The load switch channels are not just numbers printed on an intersection diagram sheet - they are presented as live visual binding showing which turning movements are connected to. This innovative approach transforms the traditionally error-prone load switch mapping into a more user-friendly enjoyable experience, akin to observing a lively dance, adding a touch of fun to the process.
Simulation Runtime Controller Information
Accessing controller information during simulation runtime is made seamless through TransModeler "Controller Info" toolbar button. Users can intuitively modify the simulation speed, ranging from a slow 0.5 times real-time to real-time (1x), all the way to the fastest possible speed, as allowed by your computer hardware. Additionally, they can effortlessly observe the controller status in real-time by simply clicking on the intersection geometry, adding a layer of intuitiveness and straightforwardness to the process.
I cannot emphasize enough the efforts and OS-level programming techniques dedicated to achieving - not just the functional integration of MAXTIME with TransModeler, but also ensuring the integration is intuitive, seamless, and at the very least user-friendly, while at best, hopefully, attractive.
Use Cases
Simulation and Assessment of Advanced ITS Technology: Evaluate any advanced Intelligent Transportation System (ITS) technology interacting with Q-Free signal controllers, such as Transit Signal Priority or Adaptive Traffic Signal Control.
High-Performance City-Wide Simulation: Enable scenario-replay AI training with city-wide simulations, offering a platform for comprehensive training scenarios.
Integrated Corridor Management (ICM): Managing traffic flow across freeway, transit, arterial, and parking systems within a corridor, and optimizing the coordination of signals across interconnected intersections.
Predictive Analytics for Transportation Systems: Enhance decision-making with predictive analytics for transportation systems, allowing for proactive planning and optimization.
Seamless Controller Database and Firmware Bench Testing: Conduct thorough bench testing of controller databases and firmware, with the flexibility to simulate arbitrarily fast or slow clock time, comprehensive detector events, and edge cases of traffic flow scenarios that may be hard to capture in the field but involve life-and-death once occured.

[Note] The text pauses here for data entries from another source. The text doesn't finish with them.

(* Let $B$ be a Horn program, $E^+,E^-$ finite sets of ground atoms, and $H\in\mathcal{H}_{D,C}$ a hypothesis with $tp(H,B,E^+)=|E^+|$. If $H'\in\mathcal{H}_{D,C}$ is a generalization of $H$, then $S_{ACC}(H,B,E^+,E^-)\geq S_{ACC}(H',B,E^+,E^-)$.
   Context: A definite clause is a clause with exactly one positive literal. A hypothesis is a finite set of definite clauses; $\mathcal{H}_{D,C}$ denotes the hypothesis space of hypotheses consistent with a declaration bias $D$ and hypothesis constraints $C$ (only membership matters). $B$ is background knowledge, $E^+$ positive and $E^-$ negative examples. For a hypothesis $H$: $tp(H,B,E^+)=|\{e\in E^+ : H\cup B\models e\}|$, $tn(H,B,E^-)=|\{e\in E^- : H\cup B\not\models e\}|$, and $S_{ACC}(H,B,E^+,E^-)=tp(H,B,E^+)+tn(H,B,E^-)$. A clause $C_1$ subsumes a clause $C_2$ iff there is a substitution $\theta$ with $C_1\theta\subseteq C_2$. A clausal theory $T_1$ subsumes $T_2$ ($T_1\preceq T_2$) iff every clause of $T_2$ is subsumed by some clause of $T_1$. $T_1$ is a generalization of $T_2$ iff $T_1\preceq T_2$, and a specialization of $T_2$ iff $T_2\preceq T_1$. *)

From Stdlib Require Import List Arith ClassicalEpsilon.
Import ListNotations.

(* Terms over a countable signature: variables and function symbols
   (constants are 0-ary function symbols). *)
Inductive term : Type :=
| Var : nat -> term
| Fn : nat -> list term -> term.

Inductive atom : Type := Atom : nat -> list term -> atom.

Inductive literal : Type :=
| Pos : atom -> literal
| Neg : atom -> literal.

(* A clause is a finite set of literals (represented by a list; only
   membership matters); a clausal theory is a finite set of clauses. *)
Definition clause := list literal.
Definition theory := list clause.

Definition definite (C : clause) : Prop :=
  exists a, In (Pos a) C /\ forall b, In (Pos b) C -> b = a.

Fixpoint ground_term (t : term) : Prop :=
  match t with
  | Var _ => False
  | Fn _ ts => (fix gl (l : list term) : Prop :=
                  match l with [] => True | u :: l' => ground_term u /\ gl l' end) ts
  end.
Definition ground_atom (a : atom) : Prop :=
  match a with Atom _ ts => Forall ground_term ts end.

Definition subst := nat -> term.
Fixpoint subst_term (th : subst) (t : term) : term :=
  match t with
  | Var n => th n
  | Fn f ts => Fn f (map (subst_term th) ts)
  end.
Definition subst_atom (th : subst) (a : atom) : atom :=
  match a with Atom p ts => Atom p (map (subst_term th) ts) end.
Definition subst_lit (th : subst) (l : literal) : literal :=
  match l with Pos a => Pos (subst_atom th a) | Neg a => Neg (subst_atom th a) end.

Definition clause_subsumes (C1 C2 : clause) : Prop :=
  exists th : subst, forall l, In l C1 -> In (subst_lit th l) C2.

Definition theory_subsumes (T1 T2 : theory) : Prop :=
  forall C2, In C2 T2 -> exists C1, In C1 T1 /\ clause_subsumes C1 C2.

Definition generalization (T1 T2 : theory) : Prop := theory_subsumes T1 T2.

Record structure := {
  dom : Type;
  dom_inhabited : inhabited dom;
  fint : nat -> list dom -> dom;
  pint : nat -> list dom -> Prop }.

Fixpoint teval (M : structure) (v : nat -> dom M) (t : term) : dom M :=
  match t with
  | Var n => v n
  | Fn f ts => fint M f (map (teval M v) ts)
  end.

Definition atom_true (M : structure) (v : nat -> dom M) (a : atom) : Prop :=
  match a with Atom p ts => pint M p (map (teval M v) ts) end.

Definition lit_true (M : structure) (v : nat -> dom M) (l : literal) : Prop :=
  match l with Pos a => atom_true M v a | Neg a => ~ atom_true M v a end.

Definition clause_true (M : structure) (C : clause) : Prop :=
  forall v : nat -> dom M, exists l, In l C /\ lit_true M v l.

Definition model (M : structure) (T : theory) : Prop :=
  forall C, In C T -> clause_true M C.

Definition entails (T : theory) (a : atom) : Prop :=
  forall M : structure, model M T -> forall v : nat -> dom M, atom_true M v a.

Fixpoint count_prop {A : Type} (P : A -> Prop) (l : list A) : nat :=
  match l with
  | [] => 0
  | x :: l' => (if excluded_middle_informative (P x) then 1 else 0) + count_prop P l'
  end.

(* Examples are finite sets of ground atoms, represented by duplicate-free
   lists. *)
Definition tp (H B : theory) (Ep : list atom) : nat :=
  count_prop (fun e => entails (H ++ B) e) Ep.
Definition tn (H B : theory) (En : list atom) : nat :=
  count_prop (fun e => ~ entails (H ++ B) e) En.
Definition S_ACC (H B : theory) (Ep En : list atom) : nat :=
  tp H B Ep + tn H B En.

(* Every model of a generalization H' of H is a model of H: each clause of H
   contains a substitution instance of a clause of H', and an instance of a
   true clause is true.  Hence H' ∪ B entails whatever H ∪ B entails, so H'
   rejects no more negative examples than H does, while H already covers all
   positive examples. *)
From Stdlib Require Import List Lia ClassicalEpsilon.

Fixpoint teval_subst_term (M : structure) (v : nat -> dom M) (th : subst) (t : term)
  {struct t} :
  teval M v (subst_term th t) = teval M (fun n => teval M v (th n)) t.
Proof.
  destruct t as [n | f ts]; simpl; [reflexivity |].
  f_equal. rewrite map_map.
  induction ts as [| u ts IH]; simpl; [reflexivity |].
  rewrite teval_subst_term. f_equal. exact IH.
Qed.

Lemma atom_true_subst_atom (M : structure) (v : nat -> dom M) (th : subst) (a : atom) :
  atom_true M v (subst_atom th a) <-> atom_true M (fun n => teval M v (th n)) a.
Proof.
  destruct a as [p ts]; simpl.
  rewrite map_map, (map_ext _ _ (teval_subst_term M v th)).
  reflexivity.
Qed.

Lemma lit_true_subst_lit (M : structure) (v : nat -> dom M) (th : subst) (l : literal) :
  lit_true M v (subst_lit th l) <-> lit_true M (fun n => teval M v (th n)) l.
Proof.
  destruct l as [a | a]; simpl; rewrite atom_true_subst_atom; reflexivity.
Qed.

Lemma clause_true_subsumes (M : structure) (C1 C2 : clause) :
  clause_subsumes C1 C2 -> clause_true M C1 -> clause_true M C2.
Proof.
  intros [th Hth] HC1 v.
  destruct (HC1 (fun n => teval M v (th n))) as [l [Hl Hlv]].
  exists (subst_lit th l).
  split; [apply Hth, Hl | apply lit_true_subst_lit, Hlv].
Qed.

Lemma model_theory_subsumes (M : structure) (T1 T2 : theory) :
  theory_subsumes T1 T2 -> model M T1 -> model M T2.
Proof.
  intros Hsub HT1 C2 HC2.
  destruct (Hsub C2 HC2) as [C1 [HC1 HC12]].
  exact (clause_true_subsumes M C1 C2 HC12 (HT1 C1 HC1)).
Qed.

Lemma model_app (M : structure) (T1 T2 : theory) :
  model M (T1 ++ T2) <-> model M T1 /\ model M T2.
Proof.
  unfold model; split.
  - intros HT; split; intros C HC; apply HT, in_or_app; auto.
  - intros [HT1 HT2] C HC; destruct (in_app_or _ _ _ HC); auto.
Qed.

Lemma entails_app_theory_subsumes (T1 T2 B : theory) (a : atom) :
  theory_subsumes T1 T2 -> entails (T2 ++ B) a -> entails (T1 ++ B) a.
Proof.
  intros Hsub HT2 M HM.
  apply model_app in HM as [HM1 HMB].
  apply HT2, model_app.
  split; [exact (model_theory_subsumes M T1 T2 Hsub HM1) | exact HMB].
Qed.

Lemma count_prop_le_length {A : Type} (P : A -> Prop) (l : list A) :
  count_prop P l <= length l.
Proof.
  induction l as [| x l IH]; simpl; [lia |].
  destruct (excluded_middle_informative (P x)); lia.
Qed.

Lemma count_prop_impl {A : Type} (P Q : A -> Prop) (l : list A) :
  (forall x, P x -> Q x) -> count_prop P l <= count_prop Q l.
Proof.
  intros HPQ.
  induction l as [| x l IH]; simpl; [lia |].
  destruct (excluded_middle_informative (P x)) as [HP | HP];
    destruct (excluded_middle_informative (Q x)) as [HQ | HQ]; try lia.
  exfalso; exact (HQ (HPQ x HP)).
Qed.

Lemma tp_le_length (H B : theory) (Ep : list atom) : tp H B Ep <= length Ep.
Proof. apply count_prop_le_length. Qed.

Lemma tn_generalization (H H' B : theory) (En : list atom) :
  generalization H' H -> tn H' B En <= tn H B En.
Proof.
  intros Hgen.
  apply count_prop_impl.
  intros e HnH' HH.
  exact (HnH' (entails_app_theory_subsumes H' H B e Hgen HH)).
Qed.

Theorem proposition4p8
  (Hspace : theory -> Prop)
  (B : theory) (HB : Forall definite B)
  (Ep En : list atom)
  (HEp_nd : NoDup Ep) (HEn_nd : NoDup En)
  (HEp_g : Forall ground_atom Ep) (HEn_g : Forall ground_atom En)
  (H : theory) (HH_def : Forall definite H) (HH_sp : Hspace H)
  (Htp : tp H B Ep = length Ep)
  (H' : theory) (HH'_def : Forall definite H') (HH'_sp : Hspace H')
  (Hgen : generalization H' H) :
  S_ACC H' B Ep En <= S_ACC H B Ep En.
Proof.
  unfold S_ACC.
  pose proof (tp_le_length H' B Ep).
  pose proof (tn_generalization H H' B En Hgen).
  lia.
Qed.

Traffic Signal Optimization: Optimize traffic signal settings for improved efficiency, considering real-world scenarios and traffic patterns.

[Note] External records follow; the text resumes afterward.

Lemma Gamma_integral_tail_le (x : R) (n : nat) : x - 1 <= n%:R ->
  (\int[mu]_(t in `]1%R, +oo[) (t `^ (x - 1) * expR (- t))%:E
     <= (2 ^+ n.+1 * n`!%:R)%:E)%E.
Proof.
move=> xn; set c : R := 2 ^+ n.+1 * n`!%:R.
have c0 : 0 <= c by rewrite mulr_ge0 ?exprn_ge0.
have mpdf : measurable_fun setT (fun t => (c * exponential_pdf 2^-1 t)%:E).
  apply: measurableT_comp => //.
  by apply: measurable_funM => //; exact: measurable_exponential_pdf.
apply: (@le_trans _ _
    (\int[mu]_(t in `]1%R, +oo[) (c * exponential_pdf 2^-1 t)%:E)%E).
  apply: ge0_le_integral => //.
  - by move=> t _; rewrite lee_fin Gamma_integrand_ge0.
  - apply: measurableT_comp => //.
    exact: measurable_funTS (measurable_Gamma_integrand x).
  - exact: measurable_funTS.
  move=> t /=; rewrite in_itv/= andbT => t1.
  by rewrite lee_fin Gamma_integrand_le_exponential_pdf // ltW.
apply: (@le_trans _ _ (\int[mu]_t (c * exponential_pdf 2^-1 t)%:E)%E).
  apply: ge0_subset_integral => //.
  by move=> t _; rewrite lee_fin mulr_ge0 ?exponential_pdf_ge0.
under eq_integral do rewrite EFinM.
rewrite ge0_integralZl_EFin //.
- by rewrite integral_exponential_pdf ?mule1.
- by move=> t _; rewrite lee_fin exponential_pdf_ge0.
- by apply: measurableT_comp => //; exact: measurable_exponential_pdf.
Qed.

Lemma Gamma_integral_le (x : R) (n : nat) : 0 < x -> x - 1 <= n%:R ->
  (\int[mu]_(t in `]0%R, +oo[) (t `^ (x - 1) * expR (- t))%:E
     <= (x^-1 + 2 ^+ n.+1 * n`!%:R)%:E)%E.
Proof.
move=> x0 xn; rewrite (@itv_bndbnd_setU _ _ _ (BRight 1%R)) ?bnd_simp //.
rewrite ge0_integral_setU //.
- by rewrite EFinD leeD // ?Gamma_integral_itvoc01_le ?Gamma_integral_tail_le.
- apply: measurableT_comp => //.
  exact: measurable_funTS (measurable_Gamma_integrand x).
- by move=> t _; rewrite lee_fin Gamma_integrand_ge0.
apply/disj_setPS => t [] /=; rewrite !in_itv/= => /andP[_ t1] /andP[+ _].
by rewrite ltNge t1.
Qed.

Lemma Gamma_integral_ge (x : R) : 0 < x ->
  (((expR (-1) * (1 - expR (-1))) / x)%:E <=
   \int[mu]_(t in `]0%R, +oo[) (t `^ (x - 1) * expR (- t))%:E)%E.
Proof.
(* On [e, 1] the integrand is at least e^-1 t^(x-1), and e ^ x = e^-1. *)
move=> x0; pose e := expR (- x^-1).
have e0 : 0 < e := expR_gt0 _.
have e1 : e < 1 by rewrite expR_lt1 oppr_lt0 invr_gt0.
have ex : e `^ x = expR (-1) by rewrite -expRM mulNr mulVf ?gt_eqF.
apply: (@le_trans _ _
    (\int[mu]_(t in `[e, 1%R]) (expR (-1) * t `^ (x - 1))%:E)%E).
  under eq_integral do rewrite EFinM.
  rewrite ge0_integralZl_EFin //.
  - by rewrite integral_powR_itvcc // ex -EFinM mulrA.
  - by move=> t _; rewrite lee_fin powR_ge0.
  - by apply: measurableT_comp => //; apply: measurable_funTS; exact: measurable_powR.
apply: (@le_trans _ _
    (\int[mu]_(t in `[e, 1%R]) (t `^ (x - 1) * expR (- t))%:E)%E).
  apply: ge0_le_integral => //.
  - by move=> t _; rewrite lee_fin mulr_ge0 ?powR_ge0 ?expR_ge0.
  - apply: measurableT_comp => //; apply: measurable_funTS.
    by apply: measurable_funM => //; exact: measurable_powR.
  - apply: measurableT_comp => //.
    exact: measurable_funTS (measurable_Gamma_integrand x).
  move=> t /=; rewrite in_itv/= => /andP[_ t1].
  by rewrite lee_fin mulrC ler_wpM2l ?powR_ge0// ler_expR lerN2.
apply: ge0_subset_integral => //.
- apply: measurableT_comp => //.
  exact: measurable_funTS (measurable_Gamma_integrand x).
- by move=> t _; rewrite lee_fin Gamma_integrand_ge0.
move=> t /=; rewrite !in_itv/= => /andP[et _].
by rewrite andbT (lt_le_trans e0 et).
Qed.

Let Gamma_sandwich (x : R) (n : nat) : 0 < x -> x - 1 <= n%:R ->
  expR (-1) * (1 - expR (-1)) / x <= Gamma x <= x^-1 + 2 ^+ n.+1 * n`!%:R.
Proof.
move=> x0 xn; move: (Gamma_integral_ge x x0) (Gamma_integral_le x n x0 xn).
by rewrite /Gamma /Rintegral; case: (\int[_]_(_ in _) _)%E => //= r; rewrite !lee_fin => -> ->.
Qed.

Lemma Gamma_ge (x : R) : 0 < x -> expR (-1) * (1 - expR (-1)) / x <= Gamma x.
Proof.
move=> x0; have xn : x - 1 <= (Num.truncn x)%:R.
  by rewrite lerBlDr natr1 ltW // truncnS_gt.
by case/andP: (Gamma_sandwich x _ x0 xn).
Qed.

Lemma Gamma_le (x : R) (n : nat) : 0 < x -> x - 1 <= n%:R ->
  Gamma x <= x^-1 + 2 ^+ n.+1 * n`!%:R.
Proof. by move=> x0 xn; case/andP: (Gamma_sandwich x _ x0 xn). Qed.

Lemma Gamma_gt0 (x : R) : 0 < x -> 0 < Gamma x.
Proof.
move=> x0; apply: lt_le_trans (Gamma_ge x x0).
by rewrite divr_gt0 // mulr_gt0 ?expR_gt0 // subr_gt0 expR_lt1 ltrN10.
Qed.

End GammaBounds.

Lemma ln_prod (R : realType) (I : finType) (F : I -> R) :
  (forall i, 0 < F i) -> ln (\prod_i F i) = \sum_i ln (F i).
Proof.
move=> F0; rewrite (eq_bigr (fun i => expR (ln (F i)))) => [|i _]; last first.
  by rewrite lnK ?posrE.
by rewrite -expR_sum expRK.
Qed.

Educational Tool for ITS Engineers: Serve as an invaluable tool for educating the next generation of Traffic and Intelligent Transportation Systems (ITS) engineers, offering a hands-on experience in a virtual environment.
ATSPM Applications
The MAXTIME controller integrated with TransModeler can generate High-Resolution Signal Event data along with various simulation-based performance metrics.

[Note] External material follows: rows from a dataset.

Lemma A_part1 (R : fieldType) (A : nat -> {poly R}) n : A_part A [:: n] = A n.
Proof.
rewrite /A_part /wronskian /vandermonde det_mx11 big_ord1 big_pred0 => [|[[|]]] //.
by rewrite invr1 scale1r mxE /part_degs /= addn0.
Qed.

Section PartitionDuality.
Variable R : fieldType.
Hypothesis R_char0 : [pchar R] =i pred0.

Lemma vandermonde_part_degs_neq0 l :
  sorted geq l -> vandermonde (fun i : 'I_(size l) => (part_degs l i)%:R : R) != 0.
Proof.
move=> l_sorted; apply/prodf_neq0 => i _; apply/prodf_neq0 => j lt_ij.
rewrite -natrB; last exact/ltnW/part_degs_incr.
by rewrite char0_natf_neq0 // subn_gt0 part_degs_incr.
Qed.

Lemma A_part_dual_conj (A : nat -> {poly R}) l : is_appell A -> is_partition l ->
  A_part A l = A_part (dual_appell A) (conj_part l).
Proof.
move=> A_appell /andP[l_sorted _].
have [c Wc] := wronskian_part_dual_conj R_char0 l_sorted.
have := Wc _ (Xn_appell R); rewrite (eq_wronskian (fun j => dual_appell_Xn R_char0 _)).
move/(congr1 lead_coef); rewrite lead_coefM lead_coefC !lead_coef_wronskian_Xn => Vc.
rewrite (A_partE (dual_appell A) (size_mkseq _ _)) /A_part (Wc A A_appell) mul_polyC scalerA.
have := vandermonde_part_degs_neq0 l_sorted; rewrite Vc mulf_eq0 negb_or => /andP[c0 V0].
by rewrite invfM mulrAC mulVf ?mul1r.
Qed.

Lemma A_dual_dual_appell (A : nat -> {poly R}) n : is_appell A -> A_dual A n = dual_appell A n.
Proof.
move=> A_appell; case: n => [|n].
  by rewrite /A_dual A_part_nil; case: (dual_appell_appell R_char0 A_appell).
by rewrite /A_dual A_part_dual_conj ?is_partition_nseq1 // conj_part_nseq1 A_part1.
Qed.

End PartitionDuality.

Section CongruenceModXn.
Variable R : comNzRingType.
Implicit Types p q : {poly R}.

Definition eqmodXn n p q := exists r, p - q = r * 'X^n.

Lemma eqmodXnP n p q : eqmodXn n p q <-> (forall i, (i < n)%N -> p`_i = q`_i).
Proof.
split=> [[r pq] i lt_in | eq_pq]; first by apply/eqP; rewrite -subr_eq0 -coefB pq coefMXn lt_in.
exists (\poly_(i < size (p - q)) (p - q)`_(i + n)); apply/polyP => i.
rewrite coefMXn; case: ltnP => [lt_in | le_ni]; first by rewrite coefB eq_pq ?subrr.
rewrite coef_poly subnK //; case: ltnP => // le_pi.
by rewrite nth_default // (leq_trans le_pi) ?leq_subr.
Qed.
(* For any graph $G$ on $n\ge1$ vertices and any $\lambda>0$, \[ \frac{\alpha(G)}{\overline\alpha_G(\lambda)}\;\ge\;1+\frac{\alpha(G)}{\lambda n}, \] or equivalently $P_G(\lambda)\ge\left(\frac{\lambda}{\alpha(G)}+\frac1n\right)P_G'(\lambda)$. Equality holds when $G$ is a disjoint union of copies of $K_r$, for any $r\ge1$.
   Context: $\alpha(G)$ is the maximum size of an independent set of $G$. $P_G(\lambda)=\sum_J\lambda^{|J|}$ over all independent sets $J$ of $G$ (including the empty set), and $\overline\alpha_G(\lambda)=\lambda P_G'(\lambda)/P_G(\lambda)$ is the expected size of an independent set drawn from the hard-core model $\Pr[J]=\lambda^{|J|}/P_G(\lambda)$. $K_r$ is the complete graph on $r$ vertices. *)

From HB Require Import structures.
From mathcomp Require Import all_boot all_order all_algebra.
Set Implicit Arguments. Unset Strict Implicit. Unset Printing Implicit Defensive.
Import Order.TTheory GRing.Theory Num.Theory.

Definition simple_graph (T : finType) (e : rel T) : Prop :=
  symmetric e /\ irreflexive e.

Definition independent (T : finType) (e : rel T) (J : {set T}) : bool :=
  [forall x in J, forall y in J, ~~ e x y].

Definition indep_num (T : finType) (e : rel T) : nat :=
  \max_(J : {set T} | independent e J) #|J|.

Local Open Scope ring_scope.

Definition indep_poly (R : nzRingType) (T : finType) (e : rel T) : {poly R} :=
  \sum_(J : {set T} | independent e J) 'X^#|J|.

(* Expected size of an independent set in the hard-core model:
   lambda P_G'(lambda) / P_G(lambda). *)
Definition avg_indep (R : fieldType) (T : finType) (e : rel T) (lam : R) : R :=
  lam * (indep_poly R e)^`().[lam] / (indep_poly R e).[lam].

Definition disjoint_union_of_K (T : finType) (e : rel T) (r : nat) : Prop :=
  exists (m : nat) (f : T -> 'I_m),
    (forall x y, e x y = (x != y) && (f x == f y)) /\
    (forall x, #|[set y | f y == f x]| = r).

From HB Require Import structures.
From mathcomp Require Import all_boot all_order all_algebra.
From mathcomp Require Import ring lra.
Import Order.TTheory GRing.Theory Num.Theory.
Set Implicit Arguments. Unset Strict Implicit. Unset Printing Implicit Defensive.

(* For an independent set J write N[J] for its closed neighbourhood, m_k for the
   number of independent k-sets, A_k and B_k for the sums of |N[J]| and |N[J]|^2
   over them. Removing one vertex from an independent (k+1)-set, i.e. adding to
   an independent k-set J a vertex outside N[J], gives
     (k+1) m_(k+1) = n m_k - A_k   and   k A_(k+1) <= n A_k - B_k,
   and Cauchy-Schwarz gives A_k^2 <= m_k B_k. Maximum independent sets are
   dominating, so A_alpha = n m_alpha, and a downward induction yields
   n k m_k <= alpha A_k for every k. Weighting level k by lam^(k+1), the sum of
   alpha A_k - n k m_k is alpha n lam P - n lam^2 P' - alpha lam P', which is the
   claimed inequality. For disjoint unions of K_r one has |N[J]| = r |J| and
   n = r alpha, so every term vanishes. *)

Lemma card_setD1S (T : finType) (I : {set T}) u : u \in I -> #|I :\ u|.+1 = #|I|.
Proof. by move=> uI; rewrite (cardsD1 u I) uI. Qed.

Section IndependentSets.
Variables (T : finType) (e : rel T).
Hypothesis simple_e : simple_graph e.

Definition nbhd (J : {set T}) : {set T} :=
  [set v | [exists u in J, (u == v) || e u v]].

Lemma independentP (J : {set T}) :
  reflect {in J &, forall x y, ~~ e x y} (independent e J).
Proof.
apply: (iffP forall_inP) => [H x y xJ yJ | H x xJ].
  by move/forall_inP: (H x xJ) => /(_ y yJ).
by apply/forall_inP => y yJ; apply: H.
Qed.

Lemma independent0 : independent e set0.
Proof. by apply/independentP => x y; rewrite inE. Qed.

Lemma nbhdP (J : {set T}) v :
  reflect (exists2 u, u \in J & (u == v) || e u v) (v \in nbhd J).
Proof. by rewrite inE; apply: exists_inP. Qed.

Lemma nbhd0 : nbhd set0 = set0.
Proof. by apply/setP => v; rewrite !inE; apply/exists_inP => -[u]; rewrite inE. Qed.

Lemma sub_nbhd (J : {set T}) : J \subset nbhd J.
Proof. by apply/subsetP => v vJ; apply/nbhdP; exists v; rewrite ?eqxx. Qed.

The significance lies in the fact that this process produces signal events data at a pace much faster than real time, utilizing an authentic controller firmware, and in a controlled environment with different traffic flow scenarios and detection layouts.
This data can seamlessly integrate with any real-world ATSPM system, including the open-source ATSPM developed by the Utah Department of Transportation.
This line should bring a smile to your face, especially if you've ever grappled with the scarcity of high-quality traffic performance data. Most importantly, it enables you to cross-validate the ATSPM using other simulation-generated metrics as a basis for fine-tuning, adjusting, and diagnosing your field ITS infrastructure. Doesn't the prospect of an ATSPM-in-the-loop simulation sound enticing?